The antitumor NK cell population is easily recognized by expression of CD45RO (CD45RO cells) in general together with CD45RA (CD45RARO cells). Patients show high levels of these cells, leading to a decrease in the CD45RA+RO− population (CD45RA cells).9,10 Patients in our cohort clearly showed this phenotype (Fig. 3B). At the end of treatment this phenotype tended to converge versus a healthy donor phenotype with increase in CD45RA cells and a decrease in CD45RO+ cells. Taken together these data suggest that elimination of target cells decreases NK cell activation status.
Treatment modulates NK cell cytotoxic activity
If NK cell target cells were disappearing, we also expect to find a decrease in NK degranulation because cytotoxicity is probably the main antitumor function of these lymphocytes in hematological neoplasias.9,10 The proportion of granzyme+ cells was similar to healthy donors and slightly decreased after treatment (Fig. 4A). The amount of granzyme, as measured by the median fluorescence intensity (MFI) values, was higher in patients, underwent a significant reduction at the end of cycle 1, and recovered to normal values at the end of treatment (Fig. 4A). In agreement with our previous results,9,10 we observed that more NK cells were degranulating in patients, measured by CD107a expression in the plasma membrane (Fig. 4B). At the end of treatment the proportion of degranulating cells had significantly decreased (Fig. 4B). NK cells degranulated at similar levels at the beginning and at the end of the treatment against the allogeneic non-Hodgkin B lymphoma cell line Daudi (Fig. 4C and D). Interestingly, after the first cycle NK cells were more active against the allogeneic targets (Fig. 4C and D). This suggests that the presence of targets cells and the treatment activate NK cells in vivo. CD56dim cells were responsible for CD107a expression ex vivo, whereas CD56bright cells lacked expression of this marker (Fig. 4E). CD56dimCD16− cells are considered immature cells and precursors of CD56dimCD16+ cells Unexpectedly, CD56dimCD16− cells expressed higher CD107a levels than CD56dimCD16+ cells.30,31 This is probably related to CD16 downregulation after NK cell activation36 and also explains the relative high CD56dimCD16− cell numbers in patients (Fig. 2A).

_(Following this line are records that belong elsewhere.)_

Lemma colorable_on_degenerate c (U : {set T}) :
  (forall W : {set T}, W \subset U -> W != set0 ->
     exists2 v, v \in W & #|nbhd e v :&: W| < c) ->
  colorable_on U c.
Proof.
elim: {U}_.+1 {-2}U (ltnSn #|U|) => // n IHn U ltUn degU.
have [-> | U0] := eqVneq U set0; first by exists (fun=> 0); split=> x; rewrite inE.
have [v vU small_v] := degU U (subxx U) U0.
have [f [fc fp]] : colorable_on (U :\ v) c.
  apply: IHn => [|W sW W0]; first by rewrite (cardsD1 v U) vU in ltUn.
  by apply: degU W0; apply: subset_trans sW (subsetDl _ _).
have [i ic fresh_i] : exists2 i, i < c & i \notin [seq f y | y in nbhd e v :&: U].
  by apply: exists_fresh; rewrite size_image.
have fresh y : y \in U -> e v y -> i != f y.
  by move=> yU evy; apply: contraNneq fresh_i => ->; apply: image_f; rewrite !inE evy.
have Uv x : x \in U -> x != v -> x \in U :\ v by rewrite !inE => -> ->.
exists (fun x => if x == v then i else f x); split=> [x xU | x y xU yU exy].
  by case: eqP => [// | /eqP xv]; apply/fc/Uv.
have [xv | xv] := eqVneq x v; have [yv | yv] := eqVneq y v; subst.
- by rewrite eirr in exy.
- exact: fresh.
- by rewrite eq_sym fresh // esym.
- exact: fp (Uv _ xU xv) (Uv _ yU yv) exy.
Qed.

Lemma colorable_on_simplicial (U : {set T}) c :
  (forall W : {set T}, W \subset U -> W != set0 ->
     exists2 v, v \in W & is_clique e (v |: nbhd e v :&: W)) ->
  (forall C : {set T}, C \subset U -> is_clique e C -> #|C| <= c) ->
  colorable_on U c.
Proof.
move=> simpU cliqueU; apply: colorable_on_degenerate => W sWU W0.
have [v vW cv] := simpU W sWU W0; exists v => //.
have vN : v \notin nbhd e v :&: W by rewrite !inE eirr.
have := cliqueU _ _ cv; rewrite cardsU1 vN; apply.
by rewrite subUset sub1set (subsetP sWU) // (subset_trans (subsetIr _ _) sWU).
Qed.

Lemma chromatic_number_le c : colorable_on [set: T] c -> chromatic_number e <= c.
Proof.
move=> [f [fc fp]]; rewrite /chromatic_number; case: ex_minnP => m _; apply.
apply/existsP; exists [ffun x => Ordinal (fc x (in_setT x))].
apply/forallP => x; apply/forallP => y; apply/implyP => /andP[_ exy].
by rewrite !ffunE -val_eqE /= fp ?in_setT.
Qed.

Lemma colorable_on_ord (U : {set T}) c :
  colorable_on U c ->
  exists h : T -> 'I_c.+1,
    {in U &, forall x y, e x y -> h x != h y} /\ #|h @: U| <= c.
Proof.
move=> [f [fc fp]]; have fcS x : x \in U -> f x < c.+1 by move/fc/ltnW.
exists (fun x => inord (f x)); split=> [x y xU yU exy | ].
  by rewrite -val_eqE /= !inordK ?fcS ?fp.
have : [set (inord (f x) : 'I_c.+1) | x in U] \subset [set~ ord_max].
  apply/subsetP => _ /imsetP[x xU ->].
  by rewrite !inE -val_eqE /= inordK ?fcS // neq_ltn fc.
by move/subset_leq_card; rewrite cardsC1 card_ord.
Qed.

Lemma card_clique_le_colours (I : finType) (h : T -> I) (U C : {set T}) (K : {set I}) :
  {in U &, forall x y, e x y -> h x != h y} -> C \subset U -> is_clique e C ->
  h @: C \subset K -> #|C| <= #|K|.
Proof.
move=> hp /subsetP sCU /cliqueP cC /subset_leq_card; apply: leq_trans.
rewrite (card_in_imset (f := h)) // => x y xC yC; apply: contra_eq => nxy.
exact: hp (sCU _ xC) (sCU _ yC) (cC _ _ xC yC nxy).
Qed.

Lemma graded_pair_sym (P S : {set T}) : graded_pair e P S -> graded_pair e S P.
Proof.
move=> [dPS gPS]; split=> [|s s' sS s'S]; first by rewrite disjoint_sym.
case: (boolP (nbhd e s :&: P \subset nbhd e s' :&: P)) => [sub | /subsetPn[p psP ns'p]].
  by left.
right.
move: psP ns'p; rewrite !inE => /andP[esp pP]; rewrite pP andbT => ns'p.
apply/subsetP => p'; rewrite !inE => /andP[es'p' p'P]; rewrite p'P andbT.
apply/negPn/negP => nsp'.
case: (gPS p p' pP p'P) => /subsetP sub; [move: (sub s) | move: (sub s')];
  rewrite !inE ?sS ?s'S !andbT.
- by rewrite [e p s]esym esp [e p' s]esym (negbTE nsp') => /(_ isT).
- by rewrite [e p' s']esym es'p' [e p s']esym (negbTE ns'p) => /(_ isT).
Qed.

Lemma graded_pair_subset (P S : {set T}) p p' :
  graded_pair e P S -> p \in P -> p' \in P ->
  #|nbhd e p :&: S| <= #|nbhd e p' :&: S| -> nbhd e p :&: S \subset nbhd e p' :&: S.
Proof.
move=> [_ gPS] pP p'P le_pp'; case: (gPS p p' pP p'P) => // sub.
by have /eqP <- : nbhd e p' :&: S == nbhd e p :&: S by rewrite eqEcard sub le_pp'.
Qed.

Lemma exists_simplicial (W P S X : {set T}) :
  graded_pair e P S -> is_clique e P -> is_clique e S -> is_clique e X ->
  complete_to e X P -> complete_to e X S -> W :&: P != set0 ->
  {in W :&: P, forall v, nbhd e v :&: W \subset (W :&: P) :|: S :|: X} ->
  exists2 v, v \in W & is_clique e (v |: nbhd e v :&: W).
Proof.
move=> gPS cP cS cX cXP cXS /set0Pn[u uWP] nbhdWP.
have [v vWP minv] := arg_minnP (fun v => #|nbhd e v :&: S|) uWP.
have [vW vP] : v \in W /\ v \in P by apply/andP; rewrite -in_setI.
exists v => //.
have cWP : is_clique e (W :&: P) by apply: clique_subset cP; apply: subsetIr.
have cNS : is_clique e (nbhd e v :&: S) by apply: clique_subset cS; apply: subsetIr.
have cWP_NS : complete_to e (W :&: P) (nbhd e v :&: S).
  apply/completeP => w s wWP; have /setIP[_ wP] := wWP.
  move/(subsetP (graded_pair_subset gPS vP wP (minv w wWP))).
  by rewrite inE => /andP[]; rewrite inE.
have cX_WPNS : complete_to e (W :&: P :|: nbhd e v :&: S) X.
  apply: complete_to_sym; apply/completeP => x y xX /setUP[/setIP[_ yP] | /setIP[_ yS]].
    exact: (completeP _ _ cXP).
  exact: (completeP _ _ cXS).
apply: clique_subset (clique_setU (clique_setU cWP cNS cWP_NS) cX cX_WPNS).
rewrite subUset sub1set !inE vW vP /=; apply/subsetP => y yN.
have /setIP[/[1!inE] evy _] := yN; move: (subsetP (nbhdWP v vWP) y yN).
by rewrite !inE evy => /orP[/orP[-> | ->] | ->]; rewrite ?orbT.
Qed.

Treatment decreases the trogocytosis of tumor-associated markers by NK cells
These results suggested that NK cells were actively killing their targets during treatment and the absence of such targets at the end of treatment generated resting NK cells. To test this hypothesis, we investigated the proportion of NK cells that have killed CD19+ targets at the different time-points. We took advantage of the fact that NK cells gained target cell antigens, e.g. CD19, by trogocytosis.9,10 As expected, the percentage of CD19+ NK cells was higher in patients than in healthy donors and decreased with treatment (Fig. 5A). The CD45RARO NK subset expressed the highest level of CD19 and treatment successfully decreased CD19 expression (Fig. 5A). Other subsets also decreased CD19 expression (Fig. 5A). These results suggest that efficient treatments leading to elimination of NK cell target cells reduce NK: target cell interaction and lead to lack of target antigens on NK cell surface.

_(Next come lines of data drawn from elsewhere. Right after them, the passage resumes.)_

(* Let the setting, Assumption A and Assumption B below hold, with agents and data sampled without replacement, and let $w_i$ be the iterates generated by the ISFedAvg algorithm below, with $\widetilde w_i=w^o-w_i$. For sufficiently small step-size $\mu$, the mean-square error converges exponentially fast: $$\mathbb{E}\|\widetilde w_i\|^2\le O\big((\lambda')^i\big)+O(\mu)\big(\sigma_s^2+\xi^2\big)+O(\mu^2)\frac1K\sum_{k=1}^K\sigma_{q,k}^2,$$ where $\lambda'=1-O(\mu)+O(\mu^2)\in[0,1)$, and $$\sigma_s^2=\frac{1}{K^2}\sum_{k=1}^K\frac{1}{p_k}\Big\{\sigma_{s,k}^2+\Big(3+\frac{6}{E_kB_k}\Big)\|\nabla_wP_k(w^o)\|^2\Big\},\quad \sigma_{s,k}^2=\frac{6}{E_kB_kN_k^2}\sum_{n=1}^{N_k}\frac{1}{p_n^{(k)}}\|\nabla_wQ_k(w^o;x_{k,n})\|^2,$$ $$\sigma_{q,k}^2=\frac{3}{B_kN_k^2}\sum_{n=1}^{N_k}\frac{1}{p_n^{(k)}}\|\nabla_wQ_k(w_k^o;x_{k,n})\|^2.$$
   Context: There are $K$ agents; agent $k$ holds data points $x_{k,1},\dots,x_{k,N_k}$, a loss $Q_k(w;x)$ differentiable in $w\in\mathbb{R}^M$, and the empirical risk $P_k(w)=\frac1{N_k}\sum_{n=1}^{N_k}Q_k(w;x_{k,n})$. Let $w^o=\arg\min_w\frac1K\sum_kP_k(w)$ and $w_k^o=\arg\min_wP_k(w)$. Assumption A: each $P_k$ is $\nu$-strongly convex ($\nu>0$), each $Q_k(\cdot;x_{k,n})$ is convex with $\delta$-Lipschitz gradient. Assumption B: $\|w_k^o-w^o\|\le\xi$ for all $k$. ISFedAvg with step-size $\mu>0$ and initial point $w_0$: at iteration $i=1,2,\dots$, select $L$ agents $\mathcal{L}_i$ from $\{1,\dots,K\}$ without replacement with $\mathbb{P}(k\in\mathcal{L}_i)=Lp_k$ ($p_k>0$, $\sum_kp_k=1$); each $k\in\mathcal{L}_i$ sets $w_{k,0}=w_{i-1}$ and for $e=1,\dots,E_k$ draws a mini-batch $\mathcal{B}_{k,e}$ of $B_k$ indices from $\{1,\dots,N_k\}$ without replacement with $\mathbb{P}(n\in\mathcal{B}_{k,e})=B_kp_n^{(k)}$ ($p_n^{(k)}>0$, $\sum_np_n^{(k)}=1$), independently of the past, and updates $w_{k,e}=w_{k,e-1}-\frac{\mu}{Kp_kE_kB_k}\sum_{b\in\mathcal{B}_{k,e}}\frac{1}{N_kp_b^{(k)}}\nabla_wQ_k(w_{k,e-1};x_{k,b})$; then $w_i=\frac1L\sum_{k\in\mathcal{L}_i}w_{k,E_k}$. The inclusion probabilities are fixed across iterations. The notation $O(\mu^a)$ (resp. $O((\lambda')^i)$) denotes a term bounded by $C\mu^a$ (resp. $C(\lambda')^i$) with $C$ independent of $\mu$ and $i$ (it may depend on the problem data, inclusion probabilities and initialization). *)

From HB Require Import structures.
From mathcomp Require Import all_boot all_order all_algebra.
From mathcomp Require Import all_classical all_reals all_analysis.
Set Implicit Arguments. Unset Strict Implicit. Unset Printing Implicit Defensive.
Import Order.TTheory GRing.Theory Num.Theory.
Import numFieldNormedType.Exports.
Local Open Scope ring_scope.

Section ISFedAvg.
Variables (R : realType) (M : nat).
Notation vec := 'rV[R]_M.

Definition dot (u v : vec) : R := (u *m v^T) 0 0.
Definition norm2 (v : vec) : R := dot v v.

Definition convex_fun (f : vec -> R) : Prop :=
  forall (u v : vec) (t : R), 0 <= t <= 1 ->
    f (t *: u + (1 - t) *: v) <= t * f u + (1 - t) * f v.

Definition strongly_convex (nu : R) (f : vec -> R) : Prop :=
  forall (u v : vec) (t : R), 0 <= t <= 1 ->
    f (t *: u + (1 - t) *: v)
      <= t * f u + (1 - t) * f v - nu / 2 * t * (1 - t) * norm2 (u - v).

Definition has_gradient (f : vec -> R) (g : vec -> vec) : Prop :=
  forall w : vec, differentiable f w /\ forall v : vec, 'd f w v = dot (g w) v.

Definition lipschitz_grad (delta : R) (g : vec -> vec) : Prop :=
  forall u v : vec, norm2 (g u - g v) <= delta ^+ 2 * norm2 (u - v).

We next investigated which populations were responsible for other variations in NK cell markers and focused on three of them that changed after treatment. CD69 expression was higher in patients and decreased after treatment (Fig. 3A). CD45RO+ cells showed higher CD69 levels, and treatment did not decrease it. CD45RO− cells showed lower levels that decreased with treatment (Fig. 5B). Therefore the decrease in CD69 expression is linked to both the decrease in the number of CD45RO+ cells, which expressed higher CD69 levels and the decrease of CD69 in CD45RO− cells.

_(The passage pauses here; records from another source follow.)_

(* joint spectral radius:
   limsup_t sup { rho(M_1 ... M_t)^(1/t) : M_s in A }   (t = u.+1 >= 1) *)
Definition jsr n (A : set 'M[R]_n) : \bar R :=
  limn_esup (fun u : nat =>
    ereal_sup [set ((specrad (mxprodseq s)) `^ ((u.+1)%:R^-1))%:E
              | s in [set s : seq 'M[R]_n | size s = u.+1 /\ all (fun M => M \in A) s]]).

Definition Emx (p k : nat) : 'M[R]_(p * (k - 1), p) :=
  \matrix_(i, j) ((i : nat) == (j : nat))%:R.

(* bold alpha = [alpha E^T; 0 I] in R^{kp x (r + p(k-1))}, kp written p + p(k-1) *)
Definition balpha (p k r : nat) (alpha : 'M[R]_(p, r)) :
    'M[R]_(p + p * (k - 1), r + p * (k - 1)) :=
  block_mx alpha (Emx p k)^T 0 1%:M.

Definition balpha_perp (p k r : nat) (alpha_perp : 'M[R]_(p, p - r)) :
    'M[R]_(p + p * (k - 1), p - r) :=
  col_mx 1%:M (- Emx p k) *m alpha_perp.

(* closedness of a set of real matrices, for the (entrywise/product = norm)
   topology of R^{m x n}; R^o is R itself seen with its canonical topology *)
Definition mxclosed m n (B : set 'M[R]_(m, n)) : Prop :=
  closed (B : set 'M[R^o]_(m, n)).

End Defs.

From HB Require Import structures.
From mathcomp Require Import all_boot all_order all_algebra.
From mathcomp Require Import all_classical all_reals all_analysis.
From mathcomp.real_closed Require Import complex.
From mathcomp Require Import fingroup perm.
Import Order.TTheory GRing.Theory Num.Theory.
Local Open Scope classical_set_scope.
Local Open Scope ring_scope.

Set Implicit Arguments. Unset Strict Implicit. Unset Printing Implicit Defensive.

(* Write [a := balpha k alpha] and [G := beta^T *m a].  Taking constant
   products [(1 + G)^t] in the joint spectral radius shows that every
   eigenvalue of [1 + G] has modulus at most [rhobar], so every eigenvalue of
   [G] has modulus at least [1 - rhobar] and [|det G| >= (1 - rhobar)^n].  The
   entries of [G] are bounded uniformly over [B], so Cramer's rule bounds
   [G^-1] uniformly.  Since [(balpha_perp k alpha_perp)^T *m a = 0], the
   inverse of [col_mx (balpha_perp k alpha_perp)^T beta^T] is
   [row_mx ((1 - a G^-1 beta^T) Z) (a G^-1)] for a fixed right inverse [Z] of
   [(balpha_perp k alpha_perp)^T], whence the uniform bound.  All estimates go
   through the entrywise l1 norm, which is submultiplicative and equivalent to
   the operator norm. *)

Section EntrywiseNorm.
Variable C : numDomainType.

Definition mxnorm1 m n (A : 'M[C]_(m, n)) : C := \sum_i \sum_j `|A i j|.

Lemma mxnorm1_ge0 m n (A : 'M[C]_(m, n)) : 0 <= mxnorm1 A.
Proof. by apply: sumr_ge0 => i _; apply: sumr_ge0. Qed.

Lemma ler_mxnorm1 m n (A : 'M[C]_(m, n)) i j : `|A i j| <= mxnorm1 A.
Proof.
rewrite /mxnorm1 (bigD1 i) //= (bigD1 j) //= -addrA lerDl.
by rewrite addr_ge0 ?sumr_ge0 // => l _; rewrite sumr_ge0.
Qed.

Lemma mxnorm1_le m n (A : 'M[C]_(m, n)) (K : C) :
  (forall i j, `|A i j| <= K) -> mxnorm1 A <= (m * n)%:R * K.
Proof.
move=> AK; apply: (@le_trans _ _ (\sum_(i < m) \sum_(j < n) K)).
  by apply: ler_sum => i _; apply: ler_sum.
by rewrite !sumr_const !card_ord -mulrnA mulnC mulr_natl.
Qed.

Lemma mxnorm1M m n l (A : 'M[C]_(m, n)) (B : 'M[C]_(n, l)) :
  mxnorm1 (A *m B) <= mxnorm1 A * mxnorm1 B.
Proof.
rewrite /mxnorm1 mulr_suml; apply: ler_sum => i _.
apply: (@le_trans _ _ (\sum_j \sum_h `|A i h| * `|B h j|)).
  apply: ler_sum => j _; rewrite mxE; apply: le_trans (ler_norm_sum _ _ _) _.
  by apply: ler_sum => h _; rewrite normrM.
rewrite exchange_big mulr_suml; apply: ler_sum => h _.
rewrite -mulr_sumr ler_wpM2l // (bigD1 h) //= lerDl.
by apply: sumr_ge0 => h' _; apply: sumr_ge0.
Qed.

Lemma mxnorm1D m n (A B : 'M[C]_(m, n)) : mxnorm1 (A + B) <= mxnorm1 A + mxnorm1 B.
Proof.
rewrite /mxnorm1 -big_split; apply: ler_sum => i _.
by rewrite -big_split; apply: ler_sum => j _; rewrite mxE ler_normD.
Qed.

Lemma mxnorm1N m n (A : 'M[C]_(m, n)) : mxnorm1 (- A) = mxnorm1 A.
Proof. by apply: eq_bigr => i _; apply: eq_bigr => j _; rewrite mxE normrN. Qed.

Lemma mxnorm1Z m n (A : 'M[C]_(m, n)) x : mxnorm1 (x *: A) = `|x| * mxnorm1 A.
Proof.
rewrite /mxnorm1 mulr_sumr; apply: eq_bigr => i _; rewrite mulr_sumr.
by apply: eq_bigr => j _; rewrite mxE normrM.
Qed.

Lemma mxnorm1_tr m n (A : 'M[C]_(m, n)) : mxnorm1 A^T = mxnorm1 A.
Proof.
rewrite /mxnorm1 exchange_big.
by apply: eq_bigr => i _; apply: eq_bigr => j _; rewrite mxE.
Qed.

Lemma mxnorm1_row_mx m n1 n2 (A : 'M[C]_(m, n1)) (B : 'M[C]_(m, n2)) :
  mxnorm1 (row_mx A B) = mxnorm1 A + mxnorm1 B.
Proof.
rewrite /mxnorm1 -big_split; apply: eq_bigr => i _.
by rewrite big_split_ord; congr (_ + _); apply: eq_bigr => j _;
  rewrite ?row_mxEl ?row_mxEr.
Qed.

Lemma mxnorm1_1 n : mxnorm1 (1%:M : 'M[C]_n) <= (n * n)%:R.
Proof.
rewrite -[leRHS]mulr1; apply: mxnorm1_le => i j; rewrite mxE.
by case: (i == j); rewrite ?normr1 ?normr0.
Qed.

Lemma mxnorm1_gt0 m n (A : 'M[C]_(m, n)) : A != 0 -> 0 < mxnorm1 A.
Proof.
move=> A0; have /boolp.existsNP[i /boolp.existsNP[j /eqP Aij]] :
    ~ forall i j, A i j = 0.
  by move=> A0'; move/eqP: A0; apply; apply/matrixP => i j; rewrite A0' mxE.
by apply: lt_le_trans (ler_mxnorm1 A i j); rewrite normr_gt0.
Qed.

Lemma normr_det_le n (A : 'M[C]_n) K :
  (forall i j, `|A i j| <= K) -> `|\det A| <= n`!%:R * K ^+ n.
Proof.
move=> AK; apply: le_trans (ler_norm_sum _ _ _) _.
apply: (@le_trans _ _ (\sum_(s : 'S_n) K ^+ n)); last first.
  by rewrite sumr_const card_Sn mulr_natl.
apply: ler_sum => s _; rewrite normrM normr_sign mul1r normr_prod.
rewrite -[in leRHS](card_ord n) -prodr_const.
by apply: ler_prod => i _; rewrite normr_ge0 AK.
Qed.

End EntrywiseNorm.

Lemma normr_eigenvalue_le (F : numFieldType) n (X : 'M[F]_n) z :
  eigenvalue X z -> `|z| <= mxnorm1 X.
Proof.
move=> /eigenvalueP[v vX v0]; have v_gt0 := mxnorm1_gt0 v0.
by rewrite -(ler_pM2r v_gt0) -mxnorm1Z -vX mulrC mxnorm1M.
Qed.

Lemma normr_det_ge (F : numClosedFieldType) n (X : 'M[F]_n) c :
  0 <= c -> (forall z, eigenvalue X z -> c <= `|z|) -> c ^+ n <= `|\det X|.
Proof.
move=> c_ge0 Xc.
have [rs Xrs] := closed_field_poly_normal (char_poly X).
rewrite (monicP (char_poly_monic X)) scale1r in Xrs.
have size_rs : size rs = n.
  by have := size_char_poly X; rewrite Xrs size_prod_XsubC => -[].
have det_rs : `|\det X| = \prod_(z <- rs) `|z|.
  have := char_poly_det X; rewrite Xrs coef0_prod_XsubC size_rs.
  move=> /(congr1 Num.norm).
  by rewrite !normrM normrX normrN1 expr1n !mul1r normr_prod.
have rs_c : forall z, z \in rs -> c <= `|z|.
  by move=> z zrs; apply: Xc; rewrite eigenvalue_root_char Xrs root_prod_XsubC.
rewrite det_rs -size_rs; elim: rs {Xrs size_rs det_rs} rs_c => [|z rs IH] rs_c.
  by rewrite big_nil expr0.
rewrite big_cons exprS ler_pM ?exprn_ge0 ?rs_c ?mem_head // IH // => w wrs.
by rewrite rs_c // inE wrs orbT.
Qed.

(* Cramer's rule, with the Leibniz bound [(n-1)! K^(n-1)] on each cofactor. *)
Definition invmx_bound (F : numFieldType) n (d K : F) : F :=
  d^-1 * ((n * n)%:R * (n.-1`!%:R * K ^+ n.-1)).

NKG2D expression was lower in patients and increased after treatment (Fig. 2D). NKG2D was lower in CD45RO+ cells and treatment increased expression in both CD45RO− and CD45RO+ (Fig. 5B). Hence the increase in NKG2D levels is due to the decrease in CD45RO+ cell numbers and the increase in NKG2D expression by all NK cells.
CD94 expression was not modified in patients but increased during treatment (Fig. 2D). CD45RO+ cells expressed less CD94 and both CD45RO+ and RO− non-significantly increased CD94 expression during treatment (Fig. 5B). The increase of CD94 on the whole NK cell population is thus related to both, the decrease in CD45RO+ cells and the general increase of CD94.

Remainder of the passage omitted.